(* Let $n\ge 2$ be an integer such that $C_n=n2^n+1$ is composite and $\phi(C_n)\mid C_n-1$. Let $k$ be the number of distinct prime factors of $C_n$. Then $k<1+2.4\log n$, where $\log$ is the natural logarithm.
   Context: $\phi$ denotes Euler's totient function, and $C_n=n2^n+1$. *)

From mathcomp Require Import all_boot.
From Stdlib Require Import Reals.

Definition cullen (n : nat) : nat := (n * 2 ^ n + 1)%N.

From mathcomp Require Import all_boot zify.
From Stdlib Require Import Reals Lra.

(* Every prime p dividing C_n is odd, and p - 1 divides phi(C_n), hence n 2^n.
   Write p - 1 = 2^e u with u odd.  The primes with u >= 3 each contribute a
   factor >= 3 to the odd part of n 2^n, which is at most n: there are at most
   log_3 n of them.  The others are Fermat primes 2^(2^j) + 1 with distinct j
   and sum of 2^j at most the 2-adic valuation of n 2^n, which is < 2n: there are
   at most log_2 (2n) of them.  Finally log_2 (2n) + log_3 n < 1 + 2.4 log n. *)

(* Importing Reals rebinds [^] on nat to [Nat.pow], in which [cullen] is written. *)
Local Notation "m ^ n" := (expn m n) : nat_scope.

Lemma natpowE m k : Nat.pow m k = m ^ k.
Proof. by elim: k => //= k IHk; rewrite expnS IHk multE. Qed.

Lemma dvdn_exp_odd_addn1 x k : x.+1 %| x ^ k.*2.+1 + 1.
Proof.
case: x => [|x]; first exact: dvd1n.
have sq : x.+1 ^ 2 = 1 %[mod x.+2].
  by rewrite (_ : x.+1 ^ 2 = x * x.+2 + 1) ?modnMDl // expnS expn1; lia.
by rewrite /dvdn expnS -mul2n expnM -modnDml -modnMmr -modnXm sq modnXm exp1n
  muln1 modnDml addn1 modnn.
Qed.

Lemma prime_exp2_addn1_pow2 a : 0 < a -> prime (2 ^ a + 1) -> a = 2 ^ logn 2 a.
Proof.
move=> a_gt0 pr_a.
have [m m_odd def_a] := pfactor_coprime (isT : prime 2) a_gt0.
rewrite coprime2n in m_odd.
set x := 2 ^ 2 ^ logn 2 a.
have x_gt1 : 1 < x by rewrite -(exp1n (2 ^ logn 2 a)) ltn_exp2r ?expn_gt0.
have def_2a : 2 ^ a = x ^ m by rewrite def_a mulnC expnM.
have x1_dvd : x.+1 %| 2 ^ a + 1.
  by rewrite def_2a -(odd_double_half m) m_odd add1n dvdn_exp_odd_addn1.
have /eqP : x.+1 = 2 ^ a + 1.
  by apply/(prime_nt_dvdP pr_a) => //; rewrite eqSS -lt0n ltnW.
rewrite addn1 eqSS def_2a -{1}(expn1 x) eqn_exp2l // => /eqP m1.
by rewrite {1}def_a -m1 mul1n.
Qed.

Lemma logn_prod (p : nat) (I : eqType) (r : seq I) (F : I -> nat) :
  {in r, forall i, 0 < F i} -> logn p (\prod_(i <- r) F i) = \sum_(i <- r) logn p (F i).
Proof.
elim: r => [|i r IHr] F_gt0; first by rewrite !big_nil logn1.
have F_gt0' : {in r, forall j, 0 < F j} by move=> j j_r; rewrite F_gt0 // mem_behead.
rewrite !big_cons lognM ?IHr ?F_gt0 ?mem_head //.
by rewrite big_seq prodn_cond_gt0.
Qed.

Lemma partn_prod pi (I : eqType) (r : seq I) (F : I -> nat) :
  {in r, forall i, 0 < F i} -> (\prod_(i <- r) F i)`_pi = \prod_(i <- r) (F i)`_pi.
Proof.
elim: r => [|i r IHr] F_gt0; first by rewrite !big_nil partn1.
have F_gt0' : {in r, forall j, 0 < F j} by move=> j j_r; rewrite F_gt0 // mem_behead.
rewrite !big_cons partnM ?IHr ?F_gt0 ?mem_head //.
by rewrite big_seq prodn_cond_gt0.
Qed.

Lemma exp3_count_le_prod (I : eqType) (r : seq I) (F : I -> nat) :
  {in r, forall i, odd (F i)} -> 3 ^ count (fun i => F i != 1) r <= \prod_(i <- r) F i.
Proof.
elim: r => [|i r IHr] F_odd; first by rewrite big_nil.
rewrite big_cons /= expnD leq_mul ?IHr //; last first.
  by move=> j j_r; rewrite F_odd // mem_behead.
have := F_odd i (mem_head _ _).
by case: (F i) => [|[|[|k]]].
Qed.

Lemma sorted_exp2_size_le (t : seq nat) m : all (leq m) t -> sorted ltn t ->
  2 ^ m * 2 ^ size t <= \sum_(y <- t) 2 ^ y + 2 ^ m.
Proof.
elim: t m => [|x t IHt] m /=; first by rewrite big_nil muln1.
case/andP=> le_mx _ t_sorted.
have t_gt : all (leq m.+1) t.
  by apply: sub_all (order_path_min ltn_trans t_sorted) => y; apply: leq_ltn_trans.
rewrite expnS mulnA (mulnC _ 2) -expnS.
apply: leq_trans (IHt m.+1 t_gt (path_sorted t_sorted)) _.
by rewrite big_cons expnS mul2n -addnn addnA leq_add2r addnC leq_add2r leq_exp2l.
Qed.

Lemma uniq_exp2_size_le (s : seq nat) : uniq s -> 2 ^ size s <= (\sum_(y <- s) 2 ^ y).+1.
Proof.
move=> s_uniq.
have s_perm : perm_eq (sort leq s) s by rewrite perm_sort perm_refl.
have s_sorted : sorted ltn (sort leq s).
  rewrite ltn_sorted_uniq_leq (perm_uniq s_perm) s_uniq sort_sorted //.
  exact: leq_total.
have := @sorted_exp2_size_le _ 0 _ s_sorted.
by rewrite size_sort (perm_big _ s_perm) mul1n addn1; apply; apply/allP.
Qed.

Definition pow2_succ (p : nat) : bool := (p.-1)`_2^' == 1.

Lemma pow2_succ_prime p : prime p -> 2 < p -> pow2_succ p ->
  p.-1 = 2 ^ 2 ^ logn 2 (logn 2 p.-1).
Proof.
move=> p_pr p_gt2 /eqP p1_odd1.
have p1_gt1 : 1 < p.-1 by rewrite -ltnS prednK ?prime_gt0.
have def_p1 : p.-1 = 2 ^ logn 2 p.-1.
  by rewrite -{1}(partnC 2 (ltnW p1_gt1)) p1_odd1 muln1 p_part.
rewrite -(@prime_exp2_addn1_pow2 (logn 2 p.-1)) //.
  by rewrite lt0n; apply: contraTneq p1_gt1 => e0; rewrite def_p1 e0.
by rewrite -def_p1 addn1 prednK ?prime_gt0.
Qed.

Section PredPrimesProduct.

Variables (P : seq nat) (m : nat).
Hypotheses (P_uniq : uniq P) (P_odd_prime : {in P, forall p, prime p /\ 2 < p}).
Hypotheses (m_gt0 : 0 < m) (prod_dvd : \prod_(p <- P) p.-1 %| m).

Let predP_gt0 : {in P, forall p, 0 < p.-1}.
Proof. by move=> p /P_odd_prime[_ p_gt2]; rewrite -ltnS prednK // ltnW // ltnW. Qed.

Lemma exp2_count_pow2_succ_le : 2 ^ count pow2_succ P <= (logn 2 m).+1.
Proof.
pose js := [seq logn 2 (logn 2 p.-1) | p <- P & pow2_succ p].
have def_p1 p : p \in P -> pow2_succ p -> p.-1 = 2 ^ 2 ^ logn 2 (logn 2 p.-1).
  by move=> /P_odd_prime[p_pr p_gt2]; apply: pow2_succ_prime.
have js_uniq : uniq js.
  rewrite map_inj_in_uniq ?filter_uniq // => p q.
  rewrite !mem_filter => /andP[Fp Pp] /andP[Fq Pq] eq_pq.
  have /(congr1 succn) : p.-1 = q.-1.
    by rewrite (def_p1 p Pp Fp) (def_p1 q Pq Fq) eq_pq.
  by rewrite !prednK ?prime_gt0 ?(P_odd_prime _ Pp).1 ?(P_odd_prime _ Pq).1.
have js_sum : \sum_(j <- js) 2 ^ j <= logn 2 m.
  rewrite big_map big_filter.
  apply: leq_trans (dvdn_leq_log 2 m_gt0 prod_dvd).
  rewrite logn_prod // [X in _ <= X](bigID pow2_succ) /= big_seq_cond.
  rewrite [X in _ <= X + _]big_seq_cond; apply: leq_trans (leq_addr _ _).
  apply: eq_leq; apply: eq_bigr => p /andP[Pp Fp].
  by rewrite {2}(def_p1 p Pp Fp) pfactorK.
have := uniq_exp2_size_le _ js_uniq.
rewrite size_map size_filter => /leq_trans; apply.
by rewrite ltnS.
Qed.

Lemma exp3_count_not_pow2_succ_le : 3 ^ count (predC pow2_succ) P <= m`_2^'.
Proof.
apply: (@leq_trans (\prod_(p <- P) (p.-1)`_2^')).
  by apply: exp3_count_le_prod => p _; rewrite odd_2'nat part_pnat.
rewrite -partn_prod //; apply: dvdn_leq; first exact: part_gt0.
exact: partn_dvd.
Qed.

End PredPrimesProduct.

Section LogBound.
Local Open Scope R_scope.

Lemma ln_le x y : 0 < x -> x <= y -> ln x <= ln y.
Proof. by move=> x_gt0 [/(ln_increasing _ _ x_gt0)/Rlt_le | ->] //; apply: Rle_refl. Qed.

Lemma ln2_gt : 17/25 < ln 2.
Proof.
have ln_ge : 1/50 <= ln (50/49).
  rewrite -[1/50]ln_exp; apply: ln_le; first exact: exp_pos.
  have := exp_ineq1_le (- (1/50)).
  have : exp (1/50) * exp (- (1/50)) = 1 by rewrite -exp_plus Rplus_opp_r exp_0.
  have := exp_pos (1/50); nra.
have ratio_pow_lt : (50/49) ^ 34 < 2.
  have : 50 ^ 34 < 2 * 49 ^ 34 by rewrite !pow_IZR -mult_IZR; apply: IZR_lt.
  have : (50/49) ^ 34 * 49 ^ 34 = 50 ^ 34.
    by rewrite -Rpow_mult_distr; congr (_ ^ _); field.
  have : 0 < 49 ^ 34 by apply: pow_lt; lra.
  nra.
apply: Rle_lt_trans (ln_increasing _ _ _ ratio_pow_lt); last by apply: pow_lt; lra.
rewrite ln_pow; last by lra.
simpl INR; lra.
Qed.

Lemma ln2_ln3 : 19 * ln 2 < 12 * ln 3.
Proof.
have -> : 19 * ln 2 = ln (2 ^ 19) by rewrite ln_pow; [simpl; lra | lra].
have -> : 12 * ln 3 = ln (3 ^ 12) by rewrite ln_pow; [simpl; lra | lra].
apply: ln_increasing; first by apply: pow_lt; lra.
by rewrite !pow_IZR; apply: IZR_lt.
Qed.

End LogBound.

Lemma INR_expn m k : INR (m ^ k) = (INR m ^ k)%R.
Proof. by rewrite -natpowE pow_INR. Qed.

Lemma addn_lt_ln_bound n r s : 1 < n -> 2 ^ r <= n.*2 -> 3 ^ s <= n ->
  (INR (r + s) < 1 + 24/10 * ln (INR n))%R.
Proof.
move=> /ltP/lt_INR n_gt1 /leP/le_INR exp2_le /leP/le_INR exp3_le.
change (INR 1) with 1%R in n_gt1.
have INR2 : INR 2 = 2%R by simpl; lra.
have INR3 : INR 3 = 3%R by simpl; lra.
rewrite INR_expn -mul2n -multE mult_INR INR2 in exp2_le.
rewrite INR_expn INR3 in exp3_le.
rewrite plus_INR.
set L := ln (INR n).
have L_gt0 : (0 < L)%R by rewrite -ln_1; apply: ln_increasing => //; lra.
have r_le : (INR r * ln 2 <= ln 2 + L)%R.
  rewrite -ln_pow -?ln_mult; try lra.
  by apply: ln_le => //; apply: pow_lt; lra.
have s_le : (INR s * ln 3 <= L)%R.
  by rewrite -ln_pow; [apply: ln_le => //; apply: pow_lt | ]; lra.
(* 1/ln 2 + 1/ln 3 < 31/(19 ln 2) < 2.4 *)
have ln2_gt0 : (0 < ln 2)%R by have := ln2_gt; lra.
have sum_le : (19 * ln 2 * (INR r + INR s) <= 19 * ln 2 + 31 * L)%R.
  have := Rmult_le_compat_r _ _ _ (pos_INR s) (Rlt_le _ _ ln2_ln3); lra.
have L_lt : (31 * L < 19 * ln 2 * (24/10) * L)%R by have := ln2_gt; nra.
apply: (Rmult_lt_reg_l (19 * ln 2)); lra.
Qed.

Lemma cullen_pred n : (cullen n).-1 = n * 2 ^ n.
Proof. by rewrite /cullen natpowE addn1. Qed.

Lemma odd_cullen n : 0 < n -> odd (cullen n).
Proof.
by move=> n_gt0; rewrite /cullen natpowE addn1 /= oddM oddX orbF eqn0Ngt n_gt0 andbF.
Qed.

Lemma prod_pred_primes_dvdn_totient N :
  0 < N -> \prod_(p <- primes N) p.-1 %| totient N.
Proof. by move=> N_gt0; rewrite totientE // big_split dvdn_mulr. Qed.

Theorem mainTheorem3 (n : nat) :
  (2 <= n)%N ->
  (1 < cullen n)%N -> ~~ prime (cullen n) ->
  (totient (cullen n) %| (cullen n).-1)%N ->
  (INR (size (primes (cullen n))) < 1 + (24 / 10) * ln (INR n))%R.
Proof.
move=> n_ge2 _ _ tot_dvd; have n_gt0 : 0 < n by apply: ltnW.
set P := primes (cullen n).
have P_odd_prime : {in P, forall p, prime p /\ 2 < p}.
  move=> p; rewrite mem_primes => /and3P[p_pr _ p_dvd]; split=> //.
  exact: odd_prime_gt2 (dvdn_odd p_dvd (odd_cullen _ n_gt0)) p_pr.
have prod_dvd : \prod_(p <- P) p.-1 %| n * 2 ^ n.
  rewrite -cullen_pred; apply: dvdn_trans tot_dvd.
  by apply: prod_pred_primes_dvdn_totient; rewrite /cullen addn1.
have n2n_gt0 : 0 < n * 2 ^ n by rewrite muln_gt0 n_gt0 expn_gt0.
rewrite -(count_predC pow2_succ) /=.
apply: addn_lt_ln_bound => //.
- have P_uniq : uniq P := primes_uniq _.
  apply: leq_trans (exp2_count_pow2_succ_le _ _ P_uniq P_odd_prime n2n_gt0 prod_dvd) _.
  by rewrite lognM ?expn_gt0 // pfactorK // -addSn -addnn leq_add2r ltn_logl.
- apply: leq_trans (exp3_count_not_pow2_succ_le _ _ P_odd_prime n2n_gt0 prod_dvd) _.
  rewrite partnM ?expn_gt0 // partnX (@part_p'nat 2^' 2) ?pnatNK ?pnat_id // exp1n muln1.
  exact: dvdn_leq n_gt0 (dvdn_part _ _).
Qed.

——

What you will do:
Give back, verbatim, the lines from the top of the entries above through the line containing "log_3 n of them.".

Reply:
(* Let $n\ge 2$ be an integer such that $C_n=n2^n+1$ is composite and $\phi(C_n)\mid C_n-1$. Let $k$ be the number of distinct prime factors of $C_n$. Then $k<1+2.4\log n$, where $\log$ is the natural logarithm.
   Context: $\phi$ denotes Euler's totient function, and $C_n=n2^n+1$. *)

From mathcomp Require Import all_boot.
From Stdlib Require Import Reals.

Definition cullen (n : nat) : nat := (n * 2 ^ n + 1)%N.

From mathcomp Require Import all_boot zify.
From Stdlib Require Import Reals Lra.

(* Every prime p dividing C_n is odd, and p - 1 divides phi(C_n), hence n 2^n.
   Write p - 1 = 2^e u with u odd.  The primes with u >= 3 each contribute a
   factor >= 3 to the odd part of n 2^n, which is at most n: there are at most
   log_3 n of them.  The others are Fermat primes 2^(2^j) + 1 with distinct j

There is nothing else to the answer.